▶ [Work to complete]: Copy exactly the lines of the data below that run from the line holding "(s : list (I * R * R)) : Prop" through the line holding "(forall r : R, p", both ends included.

▶ [Given data]:
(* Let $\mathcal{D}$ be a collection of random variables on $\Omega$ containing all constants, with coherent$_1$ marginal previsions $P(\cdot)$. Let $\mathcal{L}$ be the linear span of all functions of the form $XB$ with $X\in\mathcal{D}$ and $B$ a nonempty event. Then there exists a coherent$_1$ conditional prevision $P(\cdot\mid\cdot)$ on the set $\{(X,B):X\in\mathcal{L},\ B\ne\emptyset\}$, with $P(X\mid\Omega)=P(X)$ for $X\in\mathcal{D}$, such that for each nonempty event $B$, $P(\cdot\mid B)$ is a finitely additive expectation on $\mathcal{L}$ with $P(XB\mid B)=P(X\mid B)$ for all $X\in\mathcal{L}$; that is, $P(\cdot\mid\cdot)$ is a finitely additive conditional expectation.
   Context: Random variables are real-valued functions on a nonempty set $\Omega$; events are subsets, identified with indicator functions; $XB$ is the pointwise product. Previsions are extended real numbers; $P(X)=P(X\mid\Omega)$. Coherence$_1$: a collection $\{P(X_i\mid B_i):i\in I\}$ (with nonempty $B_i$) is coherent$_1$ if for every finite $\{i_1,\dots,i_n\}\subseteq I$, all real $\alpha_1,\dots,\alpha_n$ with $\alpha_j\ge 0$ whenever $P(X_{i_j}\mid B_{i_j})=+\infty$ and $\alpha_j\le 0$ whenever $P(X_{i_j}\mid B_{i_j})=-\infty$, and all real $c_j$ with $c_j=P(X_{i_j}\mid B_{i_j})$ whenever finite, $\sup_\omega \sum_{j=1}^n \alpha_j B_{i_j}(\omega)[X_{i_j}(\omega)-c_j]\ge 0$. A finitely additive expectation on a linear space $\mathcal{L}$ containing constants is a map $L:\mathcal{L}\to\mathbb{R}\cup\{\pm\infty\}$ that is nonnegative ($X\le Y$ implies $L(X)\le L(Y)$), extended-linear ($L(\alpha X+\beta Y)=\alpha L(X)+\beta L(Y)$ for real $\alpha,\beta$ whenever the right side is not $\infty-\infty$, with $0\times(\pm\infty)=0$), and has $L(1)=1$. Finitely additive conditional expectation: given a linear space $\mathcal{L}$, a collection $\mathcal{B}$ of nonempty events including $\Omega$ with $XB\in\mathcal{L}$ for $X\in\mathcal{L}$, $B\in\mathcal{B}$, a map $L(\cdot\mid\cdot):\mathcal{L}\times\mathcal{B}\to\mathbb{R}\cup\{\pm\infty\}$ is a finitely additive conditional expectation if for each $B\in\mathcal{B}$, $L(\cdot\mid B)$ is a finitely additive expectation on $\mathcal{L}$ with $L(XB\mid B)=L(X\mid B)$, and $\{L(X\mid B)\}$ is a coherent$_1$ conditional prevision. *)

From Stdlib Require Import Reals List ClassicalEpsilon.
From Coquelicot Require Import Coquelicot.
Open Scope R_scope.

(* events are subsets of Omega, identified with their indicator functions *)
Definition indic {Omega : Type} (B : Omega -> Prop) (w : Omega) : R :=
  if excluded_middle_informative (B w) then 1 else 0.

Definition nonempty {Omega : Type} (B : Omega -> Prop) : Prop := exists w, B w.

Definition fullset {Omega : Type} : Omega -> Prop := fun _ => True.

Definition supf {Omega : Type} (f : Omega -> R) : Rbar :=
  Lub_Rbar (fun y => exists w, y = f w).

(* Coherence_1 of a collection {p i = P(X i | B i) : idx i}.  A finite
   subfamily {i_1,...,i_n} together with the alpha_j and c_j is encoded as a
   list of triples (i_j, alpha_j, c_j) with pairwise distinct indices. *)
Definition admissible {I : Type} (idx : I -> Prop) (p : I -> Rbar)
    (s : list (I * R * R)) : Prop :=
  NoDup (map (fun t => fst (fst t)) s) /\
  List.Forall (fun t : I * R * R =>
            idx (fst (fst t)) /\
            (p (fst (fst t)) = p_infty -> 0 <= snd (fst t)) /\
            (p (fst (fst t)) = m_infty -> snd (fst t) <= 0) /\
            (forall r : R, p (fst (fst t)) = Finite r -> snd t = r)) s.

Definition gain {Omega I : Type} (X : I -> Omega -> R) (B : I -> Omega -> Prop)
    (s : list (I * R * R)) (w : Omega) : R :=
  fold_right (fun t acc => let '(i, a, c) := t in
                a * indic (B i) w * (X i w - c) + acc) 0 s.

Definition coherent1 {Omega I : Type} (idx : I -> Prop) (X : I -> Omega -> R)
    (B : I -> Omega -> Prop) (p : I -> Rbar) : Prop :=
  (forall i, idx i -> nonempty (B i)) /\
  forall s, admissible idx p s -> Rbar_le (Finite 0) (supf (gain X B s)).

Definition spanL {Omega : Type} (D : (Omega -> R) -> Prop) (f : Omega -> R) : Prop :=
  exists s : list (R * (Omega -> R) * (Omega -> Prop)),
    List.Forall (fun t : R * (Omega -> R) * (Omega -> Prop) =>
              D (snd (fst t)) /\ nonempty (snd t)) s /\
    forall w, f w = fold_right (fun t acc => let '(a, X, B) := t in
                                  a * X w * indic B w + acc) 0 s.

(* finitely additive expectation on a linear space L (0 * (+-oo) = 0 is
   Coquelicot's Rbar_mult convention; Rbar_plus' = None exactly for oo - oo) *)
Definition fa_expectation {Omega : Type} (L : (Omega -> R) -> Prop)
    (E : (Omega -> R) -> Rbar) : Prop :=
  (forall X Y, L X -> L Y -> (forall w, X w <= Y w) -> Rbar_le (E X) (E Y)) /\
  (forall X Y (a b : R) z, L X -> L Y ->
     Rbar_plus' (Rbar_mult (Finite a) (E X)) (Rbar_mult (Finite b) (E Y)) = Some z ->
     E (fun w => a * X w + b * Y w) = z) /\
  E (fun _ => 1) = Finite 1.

▶ [Your solution]:
    (s : list (I * R * R)) : Prop :=
  NoDup (map (fun t => fst (fst t)) s) /\
  List.Forall (fun t : I * R * R =>
            idx (fst (fst t)) /\
            (p (fst (fst t)) = p_infty -> 0 <= snd (fst t)) /\
            (p (fst (fst t)) = m_infty -> snd (fst t) <= 0) /\
            (forall r : R, p (fst (fst t)) = Finite r -> snd t = r)) s.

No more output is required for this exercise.